• **WORK ORDER**: Wherever the line with "Proof. by case: a" sits in the listing below, transcribe from it up to and including the line with "have inPnC (c", exactly, and leave the remaining lines out.

• **SOURCE MATERIAL**:
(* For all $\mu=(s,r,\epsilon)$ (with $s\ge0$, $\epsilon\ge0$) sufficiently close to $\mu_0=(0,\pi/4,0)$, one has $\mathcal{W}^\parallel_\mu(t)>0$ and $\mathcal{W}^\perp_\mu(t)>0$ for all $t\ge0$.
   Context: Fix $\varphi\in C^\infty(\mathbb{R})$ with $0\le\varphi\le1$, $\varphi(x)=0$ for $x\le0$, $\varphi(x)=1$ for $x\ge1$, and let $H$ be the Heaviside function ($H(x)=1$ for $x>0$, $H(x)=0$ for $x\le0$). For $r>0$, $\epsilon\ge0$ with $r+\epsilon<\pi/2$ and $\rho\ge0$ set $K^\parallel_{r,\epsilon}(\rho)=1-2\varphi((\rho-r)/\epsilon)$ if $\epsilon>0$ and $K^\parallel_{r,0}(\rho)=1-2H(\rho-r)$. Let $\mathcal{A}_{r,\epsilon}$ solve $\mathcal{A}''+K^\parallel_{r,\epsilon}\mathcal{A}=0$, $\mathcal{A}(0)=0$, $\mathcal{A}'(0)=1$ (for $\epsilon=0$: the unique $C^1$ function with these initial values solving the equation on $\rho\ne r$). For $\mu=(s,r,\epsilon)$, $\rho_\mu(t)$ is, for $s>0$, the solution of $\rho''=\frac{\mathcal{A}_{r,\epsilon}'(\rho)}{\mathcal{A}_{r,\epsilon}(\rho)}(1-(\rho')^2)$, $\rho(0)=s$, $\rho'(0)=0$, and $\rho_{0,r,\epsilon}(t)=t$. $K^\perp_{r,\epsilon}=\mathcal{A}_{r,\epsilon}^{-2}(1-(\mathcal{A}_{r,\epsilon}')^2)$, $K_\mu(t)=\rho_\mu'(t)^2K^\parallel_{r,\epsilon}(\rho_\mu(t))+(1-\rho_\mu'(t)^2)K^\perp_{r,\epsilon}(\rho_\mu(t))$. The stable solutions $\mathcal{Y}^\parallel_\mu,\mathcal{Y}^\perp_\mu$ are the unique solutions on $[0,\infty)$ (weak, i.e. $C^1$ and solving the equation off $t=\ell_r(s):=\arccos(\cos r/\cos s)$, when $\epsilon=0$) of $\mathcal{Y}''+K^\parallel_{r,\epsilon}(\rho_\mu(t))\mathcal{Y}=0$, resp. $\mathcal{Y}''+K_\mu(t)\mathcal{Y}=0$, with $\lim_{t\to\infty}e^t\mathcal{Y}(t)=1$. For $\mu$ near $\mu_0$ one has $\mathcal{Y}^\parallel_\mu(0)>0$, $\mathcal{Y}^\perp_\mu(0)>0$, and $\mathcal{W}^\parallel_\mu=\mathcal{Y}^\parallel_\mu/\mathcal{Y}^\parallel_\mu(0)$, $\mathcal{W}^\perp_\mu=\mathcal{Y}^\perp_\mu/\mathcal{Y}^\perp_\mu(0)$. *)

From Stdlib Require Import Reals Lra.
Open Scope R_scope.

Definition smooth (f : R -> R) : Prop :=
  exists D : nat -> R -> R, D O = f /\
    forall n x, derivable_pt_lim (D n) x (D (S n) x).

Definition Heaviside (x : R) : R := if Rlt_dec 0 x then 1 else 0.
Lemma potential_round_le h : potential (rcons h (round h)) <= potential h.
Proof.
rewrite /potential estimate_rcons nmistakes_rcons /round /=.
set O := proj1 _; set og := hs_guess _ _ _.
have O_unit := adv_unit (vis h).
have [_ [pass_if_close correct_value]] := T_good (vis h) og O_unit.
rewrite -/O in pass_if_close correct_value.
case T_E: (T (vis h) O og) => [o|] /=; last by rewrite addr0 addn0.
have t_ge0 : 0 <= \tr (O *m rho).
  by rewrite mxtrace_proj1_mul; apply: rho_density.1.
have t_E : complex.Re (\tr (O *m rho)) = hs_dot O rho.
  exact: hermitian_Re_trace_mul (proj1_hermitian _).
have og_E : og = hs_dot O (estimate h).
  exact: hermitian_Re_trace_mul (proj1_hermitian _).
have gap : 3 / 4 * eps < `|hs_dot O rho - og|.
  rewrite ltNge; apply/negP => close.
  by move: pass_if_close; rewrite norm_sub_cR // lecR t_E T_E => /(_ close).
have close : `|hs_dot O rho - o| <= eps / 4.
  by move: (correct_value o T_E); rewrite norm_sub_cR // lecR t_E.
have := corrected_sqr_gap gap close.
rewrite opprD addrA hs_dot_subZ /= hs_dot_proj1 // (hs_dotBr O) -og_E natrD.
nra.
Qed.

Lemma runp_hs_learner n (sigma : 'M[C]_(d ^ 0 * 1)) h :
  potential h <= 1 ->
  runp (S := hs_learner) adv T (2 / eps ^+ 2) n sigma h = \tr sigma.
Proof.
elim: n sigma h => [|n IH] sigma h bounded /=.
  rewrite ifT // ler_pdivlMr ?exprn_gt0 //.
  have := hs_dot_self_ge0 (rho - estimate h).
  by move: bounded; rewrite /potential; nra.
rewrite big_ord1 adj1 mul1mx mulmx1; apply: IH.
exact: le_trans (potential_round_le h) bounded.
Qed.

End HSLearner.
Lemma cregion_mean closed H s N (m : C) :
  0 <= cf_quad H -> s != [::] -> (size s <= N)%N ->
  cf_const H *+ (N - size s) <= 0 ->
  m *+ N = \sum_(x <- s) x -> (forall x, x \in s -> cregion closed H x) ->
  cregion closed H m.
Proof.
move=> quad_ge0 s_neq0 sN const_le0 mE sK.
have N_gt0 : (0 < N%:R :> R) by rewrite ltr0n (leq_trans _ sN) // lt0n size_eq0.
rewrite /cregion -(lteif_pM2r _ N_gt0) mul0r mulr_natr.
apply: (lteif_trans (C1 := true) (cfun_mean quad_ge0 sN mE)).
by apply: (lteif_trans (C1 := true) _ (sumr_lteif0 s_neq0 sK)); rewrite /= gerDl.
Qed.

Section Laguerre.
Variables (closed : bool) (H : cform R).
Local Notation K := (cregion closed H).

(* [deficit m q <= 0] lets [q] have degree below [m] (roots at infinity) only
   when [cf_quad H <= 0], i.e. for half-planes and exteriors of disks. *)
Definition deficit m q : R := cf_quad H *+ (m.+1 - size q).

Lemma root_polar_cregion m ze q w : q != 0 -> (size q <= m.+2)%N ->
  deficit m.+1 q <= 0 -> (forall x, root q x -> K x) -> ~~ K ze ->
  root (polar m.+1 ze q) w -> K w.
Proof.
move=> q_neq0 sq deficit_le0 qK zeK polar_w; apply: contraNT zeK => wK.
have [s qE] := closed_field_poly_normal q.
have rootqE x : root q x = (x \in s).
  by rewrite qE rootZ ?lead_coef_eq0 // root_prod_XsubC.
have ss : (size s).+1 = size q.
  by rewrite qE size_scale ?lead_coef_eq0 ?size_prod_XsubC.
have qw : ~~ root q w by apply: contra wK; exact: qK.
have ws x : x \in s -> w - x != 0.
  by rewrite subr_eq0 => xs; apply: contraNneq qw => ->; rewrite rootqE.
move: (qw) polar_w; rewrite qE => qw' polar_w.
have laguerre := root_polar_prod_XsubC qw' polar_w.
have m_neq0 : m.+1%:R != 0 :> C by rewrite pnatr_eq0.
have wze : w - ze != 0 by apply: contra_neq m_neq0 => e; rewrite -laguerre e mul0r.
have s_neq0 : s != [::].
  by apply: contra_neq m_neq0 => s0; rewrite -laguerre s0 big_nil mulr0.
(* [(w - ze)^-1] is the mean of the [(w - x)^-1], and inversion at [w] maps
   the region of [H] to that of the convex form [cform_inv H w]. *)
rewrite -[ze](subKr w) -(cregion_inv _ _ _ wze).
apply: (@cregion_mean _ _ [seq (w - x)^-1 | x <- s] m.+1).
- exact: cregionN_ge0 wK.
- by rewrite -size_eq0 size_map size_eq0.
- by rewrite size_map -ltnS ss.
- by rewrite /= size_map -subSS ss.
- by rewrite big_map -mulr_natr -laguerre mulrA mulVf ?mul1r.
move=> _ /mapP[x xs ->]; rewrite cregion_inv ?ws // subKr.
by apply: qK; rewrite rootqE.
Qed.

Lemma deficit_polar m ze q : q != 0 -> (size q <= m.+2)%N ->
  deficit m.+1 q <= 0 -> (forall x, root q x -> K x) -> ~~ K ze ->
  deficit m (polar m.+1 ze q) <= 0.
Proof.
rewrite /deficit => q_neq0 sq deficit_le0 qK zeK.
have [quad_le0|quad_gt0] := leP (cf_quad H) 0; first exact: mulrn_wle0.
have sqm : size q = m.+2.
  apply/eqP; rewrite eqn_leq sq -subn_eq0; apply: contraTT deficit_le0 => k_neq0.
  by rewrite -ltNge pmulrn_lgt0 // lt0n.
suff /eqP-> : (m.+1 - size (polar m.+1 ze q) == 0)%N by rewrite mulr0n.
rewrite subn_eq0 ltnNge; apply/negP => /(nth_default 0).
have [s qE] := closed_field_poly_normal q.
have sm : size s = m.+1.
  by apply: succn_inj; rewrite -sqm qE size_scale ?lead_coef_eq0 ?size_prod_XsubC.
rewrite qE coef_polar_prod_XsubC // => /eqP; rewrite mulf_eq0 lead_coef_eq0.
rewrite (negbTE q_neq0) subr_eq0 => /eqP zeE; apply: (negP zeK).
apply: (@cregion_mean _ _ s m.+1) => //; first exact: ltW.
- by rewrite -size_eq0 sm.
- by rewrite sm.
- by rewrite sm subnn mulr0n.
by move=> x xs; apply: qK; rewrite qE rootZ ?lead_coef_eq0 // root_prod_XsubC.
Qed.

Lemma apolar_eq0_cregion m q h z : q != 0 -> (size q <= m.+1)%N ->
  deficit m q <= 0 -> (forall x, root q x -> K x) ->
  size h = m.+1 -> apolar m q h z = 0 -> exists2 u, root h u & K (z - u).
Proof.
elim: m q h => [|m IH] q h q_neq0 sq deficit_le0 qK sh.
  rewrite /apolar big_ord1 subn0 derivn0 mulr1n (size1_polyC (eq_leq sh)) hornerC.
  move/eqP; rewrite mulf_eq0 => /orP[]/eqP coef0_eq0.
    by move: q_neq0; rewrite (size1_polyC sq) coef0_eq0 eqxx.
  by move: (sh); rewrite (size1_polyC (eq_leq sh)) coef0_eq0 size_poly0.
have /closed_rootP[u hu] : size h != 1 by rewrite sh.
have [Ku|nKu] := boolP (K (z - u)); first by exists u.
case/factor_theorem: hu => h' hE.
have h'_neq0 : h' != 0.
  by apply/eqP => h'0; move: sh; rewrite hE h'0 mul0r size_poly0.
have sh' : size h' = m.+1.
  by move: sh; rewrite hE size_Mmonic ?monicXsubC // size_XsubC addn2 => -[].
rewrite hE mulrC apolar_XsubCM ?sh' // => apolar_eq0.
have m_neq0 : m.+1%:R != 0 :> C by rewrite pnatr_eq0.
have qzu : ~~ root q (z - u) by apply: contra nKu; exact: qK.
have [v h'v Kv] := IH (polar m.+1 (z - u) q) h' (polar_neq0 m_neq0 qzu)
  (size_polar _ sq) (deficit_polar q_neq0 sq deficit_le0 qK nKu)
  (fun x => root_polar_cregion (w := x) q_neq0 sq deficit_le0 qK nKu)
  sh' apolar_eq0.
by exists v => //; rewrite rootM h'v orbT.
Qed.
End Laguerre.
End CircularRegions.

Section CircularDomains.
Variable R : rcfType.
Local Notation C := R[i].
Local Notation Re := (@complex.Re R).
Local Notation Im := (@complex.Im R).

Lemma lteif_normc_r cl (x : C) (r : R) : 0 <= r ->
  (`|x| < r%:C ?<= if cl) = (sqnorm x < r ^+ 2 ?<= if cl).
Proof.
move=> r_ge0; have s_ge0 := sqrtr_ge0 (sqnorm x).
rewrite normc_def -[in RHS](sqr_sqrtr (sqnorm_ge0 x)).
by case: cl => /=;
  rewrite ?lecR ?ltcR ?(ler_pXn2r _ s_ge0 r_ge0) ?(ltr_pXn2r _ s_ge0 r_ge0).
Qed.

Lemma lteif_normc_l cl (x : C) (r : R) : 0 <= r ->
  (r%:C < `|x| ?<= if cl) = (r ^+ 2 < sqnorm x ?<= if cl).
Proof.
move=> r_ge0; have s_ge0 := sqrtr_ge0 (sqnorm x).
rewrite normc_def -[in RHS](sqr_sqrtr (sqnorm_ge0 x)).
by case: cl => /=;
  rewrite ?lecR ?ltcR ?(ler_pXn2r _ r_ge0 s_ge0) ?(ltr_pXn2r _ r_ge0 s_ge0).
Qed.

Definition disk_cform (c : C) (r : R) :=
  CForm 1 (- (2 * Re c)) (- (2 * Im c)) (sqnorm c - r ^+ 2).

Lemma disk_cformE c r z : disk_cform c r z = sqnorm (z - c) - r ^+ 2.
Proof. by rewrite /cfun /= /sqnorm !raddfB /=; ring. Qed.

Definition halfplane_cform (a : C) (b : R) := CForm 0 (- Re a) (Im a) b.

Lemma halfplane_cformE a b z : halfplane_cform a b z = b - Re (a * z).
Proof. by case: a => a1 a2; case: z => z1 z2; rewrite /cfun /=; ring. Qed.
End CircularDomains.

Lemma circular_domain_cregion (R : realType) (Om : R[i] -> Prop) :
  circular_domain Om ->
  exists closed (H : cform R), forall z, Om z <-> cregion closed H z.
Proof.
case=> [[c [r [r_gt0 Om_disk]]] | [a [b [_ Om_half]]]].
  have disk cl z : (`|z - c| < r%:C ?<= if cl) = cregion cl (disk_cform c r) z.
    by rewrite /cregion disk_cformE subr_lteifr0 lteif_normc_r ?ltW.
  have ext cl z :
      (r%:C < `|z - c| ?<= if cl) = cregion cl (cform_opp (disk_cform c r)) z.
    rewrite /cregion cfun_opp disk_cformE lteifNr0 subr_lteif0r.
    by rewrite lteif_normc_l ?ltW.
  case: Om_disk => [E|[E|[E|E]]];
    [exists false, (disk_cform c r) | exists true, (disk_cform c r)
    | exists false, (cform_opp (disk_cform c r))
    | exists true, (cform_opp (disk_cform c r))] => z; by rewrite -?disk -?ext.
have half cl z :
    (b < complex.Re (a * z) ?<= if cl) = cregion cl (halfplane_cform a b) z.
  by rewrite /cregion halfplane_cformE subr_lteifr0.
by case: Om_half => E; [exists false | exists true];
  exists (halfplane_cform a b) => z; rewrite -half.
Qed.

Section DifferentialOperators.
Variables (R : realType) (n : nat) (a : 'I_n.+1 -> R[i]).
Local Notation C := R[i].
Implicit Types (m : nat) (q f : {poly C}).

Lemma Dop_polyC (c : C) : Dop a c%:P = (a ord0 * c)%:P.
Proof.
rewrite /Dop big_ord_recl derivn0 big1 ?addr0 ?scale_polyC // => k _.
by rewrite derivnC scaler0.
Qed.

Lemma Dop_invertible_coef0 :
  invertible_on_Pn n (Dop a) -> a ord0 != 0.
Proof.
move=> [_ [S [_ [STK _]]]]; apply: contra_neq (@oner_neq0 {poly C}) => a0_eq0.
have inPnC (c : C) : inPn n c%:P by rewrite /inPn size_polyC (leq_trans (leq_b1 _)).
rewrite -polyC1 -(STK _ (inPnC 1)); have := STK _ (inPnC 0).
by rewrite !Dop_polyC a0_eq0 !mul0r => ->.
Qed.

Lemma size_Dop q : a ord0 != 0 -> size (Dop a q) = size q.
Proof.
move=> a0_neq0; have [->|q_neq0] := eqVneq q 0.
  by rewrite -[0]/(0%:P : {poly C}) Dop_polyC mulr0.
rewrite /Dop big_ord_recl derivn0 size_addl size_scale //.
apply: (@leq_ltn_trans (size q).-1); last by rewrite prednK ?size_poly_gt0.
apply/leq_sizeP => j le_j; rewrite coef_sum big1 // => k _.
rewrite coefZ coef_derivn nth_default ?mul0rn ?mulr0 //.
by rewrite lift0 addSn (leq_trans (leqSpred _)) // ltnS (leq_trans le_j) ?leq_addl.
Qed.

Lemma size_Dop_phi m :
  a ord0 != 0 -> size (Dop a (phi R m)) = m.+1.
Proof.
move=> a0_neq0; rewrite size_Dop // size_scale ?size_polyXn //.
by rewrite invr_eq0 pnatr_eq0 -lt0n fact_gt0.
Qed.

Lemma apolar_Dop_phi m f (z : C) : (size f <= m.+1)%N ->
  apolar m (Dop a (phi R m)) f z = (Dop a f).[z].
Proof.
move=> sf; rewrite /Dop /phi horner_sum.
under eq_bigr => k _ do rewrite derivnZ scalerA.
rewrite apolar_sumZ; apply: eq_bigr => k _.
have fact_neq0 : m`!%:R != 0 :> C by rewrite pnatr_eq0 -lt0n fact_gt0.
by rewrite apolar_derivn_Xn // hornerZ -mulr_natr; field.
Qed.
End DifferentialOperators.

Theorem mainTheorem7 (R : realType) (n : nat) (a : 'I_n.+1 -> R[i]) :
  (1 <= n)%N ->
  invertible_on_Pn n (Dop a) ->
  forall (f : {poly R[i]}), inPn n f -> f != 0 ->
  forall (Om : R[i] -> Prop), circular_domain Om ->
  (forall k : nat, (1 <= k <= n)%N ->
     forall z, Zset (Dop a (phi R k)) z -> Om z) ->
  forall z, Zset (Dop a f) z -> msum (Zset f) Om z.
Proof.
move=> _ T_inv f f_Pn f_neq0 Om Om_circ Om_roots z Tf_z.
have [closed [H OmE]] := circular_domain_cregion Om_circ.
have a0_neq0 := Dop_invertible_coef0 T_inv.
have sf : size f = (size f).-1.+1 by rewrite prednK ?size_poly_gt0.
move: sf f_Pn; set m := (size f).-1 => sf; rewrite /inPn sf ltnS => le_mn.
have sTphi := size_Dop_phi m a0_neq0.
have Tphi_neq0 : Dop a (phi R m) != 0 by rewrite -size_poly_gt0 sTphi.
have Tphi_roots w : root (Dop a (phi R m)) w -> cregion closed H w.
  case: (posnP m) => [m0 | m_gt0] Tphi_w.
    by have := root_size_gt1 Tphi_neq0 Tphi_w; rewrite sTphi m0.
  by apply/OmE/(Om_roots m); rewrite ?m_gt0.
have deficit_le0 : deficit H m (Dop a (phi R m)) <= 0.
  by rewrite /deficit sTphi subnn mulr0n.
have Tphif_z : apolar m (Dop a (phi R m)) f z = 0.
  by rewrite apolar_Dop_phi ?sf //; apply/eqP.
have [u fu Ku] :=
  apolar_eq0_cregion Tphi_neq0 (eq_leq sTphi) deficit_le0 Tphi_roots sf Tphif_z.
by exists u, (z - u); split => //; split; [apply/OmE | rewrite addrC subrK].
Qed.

• **TASK RESPONSE**:
Proof. by case: a => a1 a2; case: z => z1 z2; rewrite /cfun /=; ring. Qed.
End CircularDomains.

Lemma circular_domain_cregion (R : realType) (Om : R[i] -> Prop) :
  circular_domain Om ->
  exists closed (H : cform R), forall z, Om z <-> cregion closed H z.
Proof.
case=> [[c [r [r_gt0 Om_disk]]] | [a [b [_ Om_half]]]].
  have disk cl z : (`|z - c| < r%:C ?<= if cl) = cregion cl (disk_cform c r) z.
    by rewrite /cregion disk_cformE subr_lteifr0 lteif_normc_r ?ltW.
  have ext cl z :
      (r%:C < `|z - c| ?<= if cl) = cregion cl (cform_opp (disk_cform c r)) z.
    rewrite /cregion cfun_opp disk_cformE lteifNr0 subr_lteif0r.
    by rewrite lteif_normc_l ?ltW.
  case: Om_disk => [E|[E|[E|E]]];
    [exists false, (disk_cform c r) | exists true, (disk_cform c r)
    | exists false, (cform_opp (disk_cform c r))
    | exists true, (cform_opp (disk_cform c r))] => z; by rewrite -?disk -?ext.
have half cl z :
    (b < complex.Re (a * z) ?<= if cl) = cregion cl (halfplane_cform a b) z.
  by rewrite /cregion halfplane_cformE subr_lteifr0.
by case: Om_half => E; [exists false | exists true];
  exists (halfplane_cform a b) => z; rewrite -half.
Qed.

Section DifferentialOperators.
Variables (R : realType) (n : nat) (a : 'I_n.+1 -> R[i]).
Local Notation C := R[i].
Implicit Types (m : nat) (q f : {poly C}).

Lemma Dop_polyC (c : C) : Dop a c%:P = (a ord0 * c)%:P.
Proof.
rewrite /Dop big_ord_recl derivn0 big1 ?addr0 ?scale_polyC // => k _.
by rewrite derivnC scaler0.
Qed.

Lemma Dop_invertible_coef0 :
  invertible_on_Pn n (Dop a) -> a ord0 != 0.
Proof.
move=> [_ [S [_ [STK _]]]]; apply: contra_neq (@oner_neq0 {poly C}) => a0_eq0.
have inPnC (c : C) : inPn n c%:P by rewrite /inPn size_polyC (leq_trans (leq_b1 _)).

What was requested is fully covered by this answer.